Discussion in 'Politics' started by Deleted member 839659, Mar 19, 2015.

  1. Today we have independent nations trying to co-operate.
     
    Before you had few strong countries and the rest of the world was one big colony.
     
    Before that kingdoms were all the rage.
     
    And of course empires.
     
    So it's clear the face of the global political scene keeps changing; what's next?
     
    I think we'll have few giant nations. No more small island nation crap. This will be the case when sea levels rise and coastal nations with bad economies will be forced to join in with their more powerful neighbors.

     
  2. All i know is we gotta work with mother nature and father time to get it done.
     
  3. I think you are incorrect.

    Large empires always fall. You are just describing different attempts at large empires.

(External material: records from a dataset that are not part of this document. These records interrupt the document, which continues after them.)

Lemma card_edges_at u :
  #|[set A in edge_set adj | u \in A]| = #|[set v | adj u v]|.
Proof.
have -> : [set A in edge_set adj | u \in A] = [set [set u; v]%SET | v in [set v | adj u v]].
  apply/setP => A; rewrite inE; apply/andP/imsetP => [[/edge_setP[x [y [hxy ->]]]]|].
    rewrite !inE => /orP[] /eqP ->; [exists y | exists x]; rewrite ?inE //.
      by rewrite (adj_sym y x).
    by rewrite finset.setUC.
  move=> [v]; rewrite inE => huv ->; split; last by rewrite !inE eqxx.
  by apply/edge_setP; exists u, v.
apply: card_in_imset => v v'; rewrite !inE => huv huv' e.
have : v \in [set u; v']%SET by rewrite -e !inE eqxx orbT.
by rewrite !inE eq_sym (negPf (adj_neq huv)) => /eqP.
Qed.

Lemma card_edges_through u v : u != v ->
  #|[set A in edge_set adj | (u \in A) && (v \in A)]| = adj u v.
Proof.
move=> uv.
have edge_uv A : A \in edge_set adj -> u \in A -> v \in A ->
    adj u v /\ A = [set u; v]%SET.
  move=> /edge_setP[x [y [hxy ->]]]; rewrite !inE.
  move=> /orP[] /eqP eu /orP[] /eqP ev; subst; rewrite ?eqxx // in uv *.
  by rewrite (adj_sym y x) finset.setUC.
case huv: (adj u v).
  rewrite (_ : [set _ in _ | _] = [set [set u; v]%SET]) ?cards1 //.
  apply/setP => A; rewrite finset.in_set finset.in_set1; apply/andP/eqP => [[hA /andP[hu hv]]|->].
    by case: (edge_uv A hA hu hv).
  by split; [apply/edge_setP; exists u, v | rewrite !inE !eqxx orbT].
rewrite (_ : [set _ in _ | _] = finset.set0) ?cards0 //.
apply/setP => A; rewrite finset.in_set finset.in_set0; apply/negP => /andP[hA /andP[hu hv]].
by case: (edge_uv A hA hu hv); rewrite huv.
Qed.

End Edges.

Section Incidence.
Variable R : realType.
Local Notation C := R[i].
Variables (n : nat) (adj : rel 'I_n).
Hypotheses (adj_sym : symmetric adj) (adj_irr : irreflexive adj).

Definition incmx : 'M[C]_(n, #|edge_set adj|) :=
  \matrix_(v, e) (v \in (enum_val e : {set 'I_n}))%:R.

Lemma sum_indicator_card (T : finType) (S : {set T}) :
  \sum_x (x \in S)%:R = #|S|%:R :> C.
Proof.
rewrite -sum1_card natr_sum [RHS]big_mkcond /=.
by apply: eq_bigr => x _; case: (x \in S).
Qed.

Lemma sum_indicator_card_in (T : finType) (S : {set T}) (P : pred T) :
  \sum_(x in S) (P x)%:R = #|[set x in S | P x]|%:R :> C.
Proof.
rewrite big_mkcond -sum_indicator_card; apply: eq_bigr => x _.
by rewrite finset.in_set; case: (x \in S).
Qed.

Lemma tr_incmx_mul : incmx^T *m incmx = line_graph_adjmx R adj + 2%:M.
Proof.
apply/matrixP => e f; rewrite !mxE.
under eq_bigr do rewrite !mxE -natrM mulnb -finset.in_setI.
rewrite sum_indicator_card.
have [<-|ef] := eqVneq e f.
  by rewrite finset.setIid (card_edge adj_irr (enum_valP e)) /= add0r.
have Eef : enum_val e != enum_val f by apply: contra ef => /eqP/enum_val_inj ->.
have := card_edgeI adj_irr (enum_valP e) (enum_valP f) Eef.
rewrite /= mulr0n addr0 -cards_eq0; by case: #|_| => [|[|]].
Qed.

Lemma incmx_mul_tr : incmx *m incmx^T = signless_laplacian R adj.
Proof.
apply/matrixP => u v; rewrite !mxE.
under eq_bigr do rewrite !mxE -natrM mulnb.
rewrite -(big_enum_val (fun A : {set 'I_n} => ((u \in A) && (v \in A))%:R)) /=.
rewrite sum_indicator_card_in.
have [<-|uv] := eqVneq u v; last by rewrite card_edges_through // mul0r add0r.
have -> : #|[set k | adj u k]%classic| = #|[set k | adj u k]%SET|.
  by apply: eq_card => k; rewrite finset.in_set unfold_in /= asboolb.
rewrite adj_irr addr0 mul1r -(card_edges_at adj_sym adj_irr).
by congr (_%:R); apply: eq_card => A; rewrite !finset.in_set andbb.
Qed.

Lemma incmx_evec (a b : 'I_n) (e : 'I_#|edge_set adj|) :
  adj a b -> enum_val e = [set a; b]%SET -> incmx *m evec R e = evec R a + evec R b.
Proof.
move=> hab eab; apply/matrixP => v k; rewrite !mxE (bigD1 e) //= big1 => [|f /negPf fe].
  rewrite !mxE eqxx mulr1 addr0 eab !inE.
  by have [->|_] := eqVneq v a; rewrite ?(negPf (adj_neq adj_irr hab)) ?addr0 ?add0r.
by rewrite !mxE fe mulr0.
Qed.

End Incidence.

Lemma expmx_intertwine (R : realType) m p (A : 'M[R[i]]_m) (B : 'M[R[i]]_p)
    (N : 'M[R[i]]_(m, p)) EA EB :
  A *m N = N *m B -> is_expmx A EA -> is_expmx B EB -> EA *m N = N *m EB.
Proof.
move=> AN hA hB.
have powAN k : A ^+ k *m N = N *m B ^+ k.
  elim: k => [|k IH]; first by rewrite !expr0 mul1mx mulmx1.
  by rewrite !exprSr -!mulmxE -mulmxA AN mulmxA IH -mulmxA.
have partialAN K : expmx_partial A K *m N = N *m expmx_partial B K.
  rewrite mulmx_suml mulmx_sumr; apply: eq_bigr => k _.
  by rewrite -scalemxAl -scalemxAr powAN.
apply: (mxcvg_unique (mxcvgM hA (mxcvg_cst N))).
rewrite (_ : (fun K => _) = fun K => N *m expmx_partial B K); last exact: funext.
exact: mxcvgM (mxcvg_cst N) hB.
Qed.

Theorem mainTheorem10 (R : realType) (n : nat) (adj : rel 'I_n)
    (a b alpha beta : 'I_n) (i j : 'I_#|edge_set adj|) (tau : R) :
  simple_graph adj ->
  adj a b -> adj alpha beta ->
  enum_val i = [set a; b]%SET -> enum_val j = [set alpha; beta]%SET ->
  pst (line_graph_adjmx R adj) (evec R i) (evec R j) tau ->
  pst (signless_laplacian R adj) (evec R a + evec R b)
      (evec R alpha + evec R beta) tau.
Proof.
move=> [adj_sym adj_irr] hab hab' ei ej [EL [hEL [eta [eta1 ELi]]]].
set c : R[i] := Complex 0 (- tau); set N := incmx R adj.
have c2J : conjc (c * 2) = - (c * 2).
  by rewrite rmorphM rmorph_nat -mulNr; congr (_ * _); apply/eqP; rewrite eq_complex /= oppr0 !eqxx.
have [w [w1 hw]] := expmx_scalar_unit c2J.
have hLI := expmxD (scalar_mxC _ _) hEL (hw _).
rewrite -scale_scalar_mx -scalerDr -(tr_incmx_mul R adj_irr) in hLI.
have [EQ hEQ] := expmx_exists (c *: signless_laplacian R adj).
exists EQ; split => //; exists (w * eta); split; first by rewrite normrM w1 eta1 mulr1.
have QN : EQ *m N = N *m (EL *m w%:M).
  apply: expmx_intertwine hEQ hLI.
  by rewrite -(incmx_mul_tr R adj_sym adj_irr) -scalemxAl -scalemxAr mulmxA.
rewrite -(incmx_evec R adj_irr hab ei) mulmxA QN mul_mx_scalar -scalemxAr -scalemxAl.
by rewrite -mulmxA ELi -scalemxAr scalerA (incmx_evec R adj_irr hab' ej).
Qed.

    The problem is that the more people an authority controls, the lower the ratio of people it actually represents.

    Smaller local governments will always work better

    -yuri
     
  4. Were on the path from 7 billion to anywhere from a doubling to 30 billion by the middle of the century depending on who's figures you are looking at. There simply is not enough resources and all the growth is happening in poor countries practically. Expect the future to be one of a over populated world, famine, massive water shortages, and endless wars over all of that.
     
    Whats great is we all have a front row seat.
     
  5. The important thing is that, in all situations, hegemonic power always exists. Right now the US is hegemon, during the cold war we had a bipolar world, prior to that the UK was hegemon. In the less globalised world, athens was a regional hegemon, persia, mongolia, rome, china, spain, etc etc... One or more hegemonic powers will always rise to the top because international anarchy will always exist and states will always seek to maximise security at the expense of other states. The systems by which states are governed often changes, economic conditions change, cultures change, but realpolitik doesn't, it's constant. You might be interested in reading Fukuyama's The End of History and the Last Man, and noting how utterly wrong he was.
     
  6. I see individual nations maintaining their sovereignty to a degree, but it we will most likely see a continuation of coalitions like the EU forming and eventually becoming consolidated under a banner of 'economic cooperation', 'shared democratic principles', or something along those lines. These coalitions will eventually adopt the same currency and tax regulations and immigration regulations (as we are seeing happening already), and they will basically be the same country, but with a different name and different faces in government (also, the spread of English and access to translation technology will make language barriers even less of an issue).
     
  7. New world order when?
     
  8. Maybe war and famine will ensue until 40% of the world population is wiped out. The remainder will rebuild and just repeat history.
     
  9. that's pretty much how it works.

    History repeated itself with better and better technology

    -yuri
     
  10.  
    Probably so history seems to be filled with that just ever increasing tech.